# WORK ITEM
Repeat exactly the lines of the entries below from the one with "[p → q, p ⊢ q] gives" through the one with "Variable ax : form -> Prop.", both ends included, and nothing else.

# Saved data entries
(* Let $\mathcal{A}=(A,0^\mathcal{A},1^\mathcal{A},\land^\mathcal{A},\lor^\mathcal{A},\to^\mathcal{A})$ be an algebraic interpretation. (1) If $\mathcal{A}$ is consistent with $\vdash_\mathsf{IPC}$, then $\mathcal{A}$ is a Heyting algebra. (2) If $\mathcal{A}$ is consistent with $\vdash_\mathsf{CPC}$, then, defining $a'=a\to^\mathcal{A}0^\mathcal{A}$, the structure $(A,0^\mathcal{A},1^\mathcal{A},\land^\mathcal{A},\lor^\mathcal{A},')$ is a Boolean algebra.
   Context: The language is generated from a countably infinite set $\mathit{Prop}$ of variables by $\bot,\top,\land,\lor,\to$; $\vdash_\mathsf{IPC}$ and $\vdash_\mathsf{CPC}$ are the intuitionistic and classical propositional consequence relations. An algebraic interpretation is any structure $\mathcal{A}=(A,0^\mathcal{A},1^\mathcal{A},\land^\mathcal{A},\lor^\mathcal{A},\to^\mathcal{A})$ (two constants, three binary operations) such that the relation $a\leq^\mathcal{A}b\iff a\land^\mathcal{A}b=a$ is a partial order on $A$ having $1^\mathcal{A}$ as largest element; no other conditions are imposed. A valuation is a map $v:\mathit{Prop}\to A$, and $[\![\varphi]\!]_v$ is the value of $\varphi$ under the unique homomorphic extension of $v$ ($\bot\mapsto0^\mathcal{A}$, $\top\mapsto1^\mathcal{A}$, connectives to the corresponding operations). $\mathcal{A}$ is consistent with $\vdash$ if whenever $\psi_1,\ldots,\psi_n\vdash\varphi$, for every valuation $v$ and every $c\in A$, if $c\leq^\mathcal{A}[\![\psi_i]\!]_v$ for all $i=1,\ldots,n$ then $c\leq^\mathcal{A}[\![\varphi]\!]_v$ (for $n=0$ this means $[\![\varphi]\!]_v=1^\mathcal{A}$). *)

From Stdlib Require Import List.
Import ListNotations.

Inductive form : Type :=
| Var : nat -> form
| Bot : form
| Top : form
| And : form -> form -> form
| Or  : form -> form -> form
| Imp : form -> form -> form.

Inductive ipc_axiom : form -> Prop :=
| ax_K  : forall a b, ipc_axiom (Imp a (Imp b a))
| ax_S  : forall a b c,
    ipc_axiom (Imp (Imp a (Imp b c)) (Imp (Imp a b) (Imp a c)))
| ax_andE1 : forall a b, ipc_axiom (Imp (And a b) a)
| ax_andE2 : forall a b, ipc_axiom (Imp (And a b) b)
| ax_andI  : forall a b, ipc_axiom (Imp a (Imp b (And a b)))
| ax_orI1  : forall a b, ipc_axiom (Imp a (Or a b))
| ax_orI2  : forall a b, ipc_axiom (Imp b (Or a b))
| ax_orE   : forall a b c,
    ipc_axiom (Imp (Imp a c) (Imp (Imp b c) (Imp (Or a b) c)))
| ax_efq   : forall a, ipc_axiom (Imp Bot a)
| ax_top   : ipc_axiom Top.

Inductive cpc_axiom : form -> Prop :=
| ax_ipc : forall a, ipc_axiom a -> cpc_axiom a
| ax_lem : forall a, cpc_axiom (Or a (Imp a Bot)).

Inductive derivable (ax : form -> Prop) (G : list form) : form -> Prop :=
| d_hyp : forall a, In a G -> derivable ax G a
| d_ax  : forall a, ax a -> derivable ax G a
| d_mp  : forall a b, derivable ax G (Imp a b) -> derivable ax G a ->
          derivable ax G b.

Definition IPC_entails (G : list form) (a : form) : Prop := derivable ipc_axiom G a.
Definition CPC_entails (G : list form) (a : form) : Prop := derivable cpc_axiom G a.

Section Alg.
Variables (A : Type) (zero one : A) (meet join imp : A -> A -> A).

Definition le (a b : A) : Prop := meet a b = a.

Definition is_alg_interp : Prop :=
  (forall a, le a a) /\
  (forall a b, le a b -> le b a -> a = b) /\
  (forall a b c, le a b -> le b c -> le a c) /\
  (forall a, le a one).

Fixpoint eval (v : nat -> A) (f : form) : A :=
  match f with
  | Var p => v p
  | Bot => zero
  | Top => one
  | And a b => meet (eval v a) (eval v b)
  | Or a b => join (eval v a) (eval v b)
  | Imp a b => imp (eval v a) (eval v b)
  end.

Definition consistent_with (ent : list form -> form -> Prop) : Prop :=
  forall (G : list form) (phi : form), ent G phi ->
  forall (v : nat -> A) (c : A),
    (forall psi, In psi G -> le c (eval v psi)) -> le c (eval v phi).

Definition is_bounded_lattice : Prop :=
  (forall a, le a a) /\
  (forall a b, le a b -> le b a -> a = b) /\
  (forall a b c, le a b -> le b c -> le a c) /\
  (forall a b, le (meet a b) a /\ le (meet a b) b) /\
  (forall a b c, le c a -> le c b -> le c (meet a b)) /\
  (forall a b, le a (join a b) /\ le b (join a b)) /\
  (forall a b c, le a c -> le b c -> le (join a b) c) /\
  (forall a, le zero a) /\
  (forall a, le a one).

Definition is_heyting_algebra : Prop :=
  is_bounded_lattice /\
  (forall a b c, le c (imp a b) <-> le (meet c a) b).

Definition is_boolean_algebra (compl : A -> A) : Prop :=
  is_bounded_lattice /\
  (forall a b c, meet a (join b c) = join (meet a b) (meet a c)) /\
  (forall a, meet a (compl a) = zero /\ join a (compl a) = one).

End Alg.

(** The proof is a soundness argument read backwards: each defining law of a
    Heyting (resp. Boolean) algebra is the image, under a valuation sending
    three propositional variables to the elements at hand, of a small
    derivation in IPC (resp. CPC), e.g. [p ∧ q ⊢ p] gives [a ∧ b ≤ a],
    [p → q, p ⊢ q] gives [c ≤ a → b ⇒ c ∧ a ≤ b], and [⊢ p ∨ ¬p] gives
    [a ∨ a' = 1]. Consistency transports each derivation into the order. *)

From Pilot Require Import Defs.
From Stdlib Require Import List.
Import ListNotations.

Notation p := (Var 0).
Notation q := (Var 1).
Notation r := (Var 2).

Definition val3 {A : Type} (x y z : A) (n : nat) : A :=
  match n with 0 => x | 1 => y | _ => z end.

Ltac by_hyp := apply d_hyp; simpl; auto.

Section Consequence.

Variable ax : form -> Prop.
Hypothesis ax_ipc : forall f, ipc_axiom f -> ax f.

Local Notation "G |- f" := (derivable ax G f) (at level 70).

Lemma derivable_ipc_axiom G f : ipc_axiom f -> G |- f.
Proof. intro Hf. apply d_ax, ax_ipc, Hf. Qed.

Lemma derivable_mp2 G a b c : G |- Imp a (Imp b c) -> G |- a -> G |- b -> G |- c.
Proof. intros Habc Ha Hb. apply (d_mp _ _ b); [apply (d_mp _ _ a)|]; assumption. Qed.

Lemma derivable_deduction G a b : a :: G |- b -> G |- Imp a b.
Proof.
  induction 1 as [b [<- | Hin] | b Hb | b c _ IHbc _ IHb].
  - apply (derivable_mp2 _ (Imp a (Imp (Imp a a) a)) (Imp a (Imp a a)));
      apply derivable_ipc_axiom; constructor.
  - apply (d_mp _ _ b); [apply derivable_ipc_axiom; constructor | by_hyp].
  - apply (d_mp _ _ b); [apply derivable_ipc_axiom; constructor | apply d_ax, Hb].
  - apply (derivable_mp2 _ (Imp a (Imp b c)) (Imp a b));
      [apply derivable_ipc_axiom; constructor | exact IHbc | exact IHb].
Qed.

Lemma derivable_and_intro G a b : G |- a -> G |- b -> G |- And a b.
Proof. apply derivable_mp2, derivable_ipc_axiom; constructor. Qed.

Lemma derivable_and_elim_l G a b : G |- And a b -> G |- a.
Proof. apply d_mp, derivable_ipc_axiom; constructor. Qed.

Lemma derivable_and_elim_r G a b : G |- And a b -> G |- b.
Proof. apply d_mp, derivable_ipc_axiom; constructor. Qed.

Lemma derivable_or_intro_l G a b : G |- a -> G |- Or a b.
Proof. apply d_mp, derivable_ipc_axiom; constructor. Qed.

Lemma derivable_or_intro_r G a b : G |- b -> G |- Or a b.
Proof. apply d_mp, derivable_ipc_axiom; constructor. Qed.

Lemma derivable_or_elim G a b c :
  G |- Or a b -> a :: G |- c -> b :: G |- c -> G |- c.
Proof.
  intros Hab Hac Hbc. apply (d_mp _ _ (Or a b)); [|exact Hab].
  apply (derivable_mp2 _ (Imp a c) (Imp b c)); [apply derivable_ipc_axiom; constructor| |];
    apply derivable_deduction; assumption.
Qed.

Lemma derivable_bot_elim G a : G |- Bot -> G |- a.
Proof. apply d_mp, derivable_ipc_axiom; constructor. Qed.

Section Interpretation.

Variables (A : Type) (zero one : A) (meet join imp : A -> A -> A).
Hypothesis interp : is_alg_interp A one meet.
Hypothesis consistent : consistent_with A zero one meet join imp (derivable ax).

Local Notation le := (le A meet).
Local Notation ev := (eval A zero one meet join imp).

Lemma le_refl a : le a a.
Proof. destruct interp as (refl & _). apply refl. Qed.

Lemma le_antisym a b : le a b -> le b a -> a = b.
Proof. destruct interp as (_ & antisym & _). apply antisym. Qed.

Lemma le_trans a b c : le a b -> le b c -> le a c.
Proof. destruct interp as (_ & _ & trans & _). apply trans. Qed.

Lemma le_one a : le a one.
Proof. destruct interp as (_ & _ & _ & top). apply top. Qed.

Lemma derivable1_le v psi phi : [psi] |- phi -> le (ev v psi) (ev v phi).
Proof. intro D. apply (consistent _ _ D). intros ? [<- | []]. apply le_refl. Qed.

Lemma derivable2_le v psi1 psi2 phi c :
  [psi1; psi2] |- phi -> le c (ev v psi1) -> le c (ev v psi2) -> le c (ev v phi).
Proof. intros D H1 H2. apply (consistent _ _ D). intros ? [<- | [<- | []]]; assumption. Qed.

Lemma derivable0_one v phi : [] |- phi -> ev v phi = one.
Proof.
  intro D. apply le_antisym; [apply le_one|].
  apply (consistent _ _ D). intros ? [].
Qed.

Lemma meet_le_l a b : le (meet a b) a.
Proof.
  apply (derivable1_le (val3 a b a) (And p q) p).
  apply (derivable_and_elim_l _ _ q). by_hyp.
Qed.

Lemma meet_le_r a b : le (meet a b) b.
Proof.
  apply (derivable1_le (val3 a b a) (And p q) q).
  apply (derivable_and_elim_r _ p). by_hyp.
Qed.

Lemma meet_glb a b c : le c a -> le c b -> le c (meet a b).
Proof.
  apply (derivable2_le (val3 a b a) p q (And p q)).
  apply derivable_and_intro; by_hyp.
Qed.

Lemma join_ge_l a b : le a (join a b).
Proof.
  apply (derivable1_le (val3 a b a) p (Or p q)).
  apply derivable_or_intro_l. by_hyp.
Qed.

Lemma join_ge_r a b : le b (join a b).
Proof.
  apply (derivable1_le (val3 a b a) q (Or p q)).
  apply derivable_or_intro_r. by_hyp.
Qed.

Lemma zero_le a : le zero a.
Proof.
  apply (derivable1_le (val3 a a a) Bot p).
  apply derivable_bot_elim. by_hyp.
Qed.

Lemma imp_elim a b c : le c (imp a b) -> le (meet c a) b.
Proof.
  intro Hc.
  apply (derivable2_le (val3 a b a) (Imp p q) p q).
  - apply (d_mp _ _ p); by_hyp.
  - exact (le_trans _ _ _ (meet_le_l c a) Hc).
  - apply meet_le_r.
Qed.

(* Rewriting [b] as [b ∧ c] reduces monotonicity to [q → (p ∧ r) ⊢ q → r]. *)
Lemma imp_mono_r a b c : le b c -> le (imp a b) (imp a c).
Proof.
  intro Hbc. unfold Defs.le in Hbc. rewrite <- Hbc.
  apply (derivable1_le (val3 b a c) (Imp q (And p r)) (Imp q r)).
  apply derivable_deduction, (derivable_and_elim_r _ p), (d_mp _ _ q); by_hyp.
Qed.

Lemma imp_intro a b c : le (meet c a) b -> le c (imp a b).
Proof.
  intro Hcab. apply (le_trans _ (imp a (meet c a))), imp_mono_r, Hcab.
  apply (derivable1_le (val3 c a c) p (Imp q (And p q))).
  apply derivable_deduction, derivable_and_intro; by_hyp.
Qed.

Lemma one_le_imp a b : le a b -> le one (imp a b).
Proof. intro Hab. apply imp_intro, (le_trans _ a); [apply meet_le_r | exact Hab]. Qed.

Lemma join_lub a b c : le a c -> le b c -> le (join a b) c.
Proof.
  intros Hac Hbc.
  apply (consistent [Imp p r; Imp q r; Or p q] r) with (v := val3 a b c).
  - apply (derivable_or_elim _ p q); [by_hyp | apply (d_mp _ _ p) | apply (d_mp _ _ q)];
      by_hyp.
  - intros ? [<- | [<- | [<- | []]]]; simpl.
    + apply (le_trans _ one); [apply le_one | apply one_le_imp, Hac].
    + apply (le_trans _ one); [apply le_one | apply one_le_imp, Hbc].
    + apply le_refl.
Qed.

Lemma bounded_lattice_of_consistent : is_bounded_lattice A zero one meet join.
Proof.
  repeat split; intros; eauto using le_refl, le_antisym, le_trans, le_one, meet_le_l,
    meet_le_r, meet_glb, join_ge_l, join_ge_r, join_lub, zero_le.
Qed.

Lemma heyting_of_consistent : is_heyting_algebra A zero one meet join imp.
Proof.
  split; [apply bounded_lattice_of_consistent|].
  split; [apply imp_elim | apply imp_intro].
Qed.

Lemma meet_join_distr a b c : meet a (join b c) = join (meet a b) (meet a c).
Proof.
  apply le_antisym.
  - apply (derivable1_le (val3 a b c) (And p (Or q r)) (Or (And p q) (And p r))).
    apply (derivable_or_elim _ q r); [apply (derivable_and_elim_r _ p); by_hyp | |].
    + apply derivable_or_intro_l, derivable_and_intro;
        [apply (derivable_and_elim_l _ _ (Or q r)) |]; by_hyp.
    + apply derivable_or_intro_r, derivable_and_intro;
        [apply (derivable_and_elim_l _ _ (Or q r)) |]; by_hyp.
  - apply join_lub; apply meet_glb; auto using meet_le_l.
    + apply (le_trans _ b); [apply meet_le_r | apply join_ge_l].
    + apply (le_trans _ c); [apply meet_le_r | apply join_ge_r].
Qed.

Lemma meet_compl a : meet a (imp a zero) = zero.
Proof.
  apply le_antisym; [|apply zero_le].
  apply (derivable1_le (val3 a a a) (And p (Imp p Bot)) Bot).
  apply (d_mp _ _ p);
    [apply (derivable_and_elim_r _ p) | apply (derivable_and_elim_l _ _ (Imp p Bot))]; by_hyp.
Qed.

Hypothesis ax_lem : forall f, ax (Or f (Imp f Bot)).

Lemma join_compl a : join a (imp a zero) = one.
Proof. apply (derivable0_one (val3 a a a) (Or p (Imp p Bot))), d_ax, ax_lem. Qed.

Lemma boolean_of_consistent : is_boolean_algebra A zero one meet join (fun a => imp a zero).
Proof.
  split; [apply bounded_lattice_of_consistent|].
  split; [apply meet_join_distr | split; [apply meet_compl | apply join_compl]].
Qed.

End Interpretation.

End Consequence.

Theorem theorem3 (A : Type) (zero one : A) (meet join imp : A -> A -> A) :
  is_alg_interp A one meet ->
  (consistent_with A zero one meet join imp IPC_entails ->
     is_heyting_algebra A zero one meet join imp) /\
  (consistent_with A zero one meet join imp CPC_entails ->
     is_boolean_algebra A zero one meet join (fun a => imp a zero)).
Proof.
  intro interp. split; intro consistent.
  - exact (heyting_of_consistent ipc_axiom (fun f Hf => Hf) A zero one meet join imp
             interp consistent).
  - exact (boolean_of_consistent cpc_axiom ax_ipc A zero one meet join imp
             interp consistent ax_lem).
Qed.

# TASK RESPONSE
    [p → q, p ⊢ q] gives [c ≤ a → b ⇒ c ∧ a ≤ b], and [⊢ p ∨ ¬p] gives
    [a ∨ a' = 1]. Consistency transports each derivation into the order. *)

From Pilot Require Import Defs.
From Stdlib Require Import List.
Import ListNotations.

Notation p := (Var 0).
Notation q := (Var 1).
Notation r := (Var 2).

Definition val3 {A : Type} (x y z : A) (n : nat) : A :=
  match n with 0 => x | 1 => y | _ => z end.

Ltac by_hyp := apply d_hyp; simpl; auto.

Section Consequence.

Variable ax : form -> Prop.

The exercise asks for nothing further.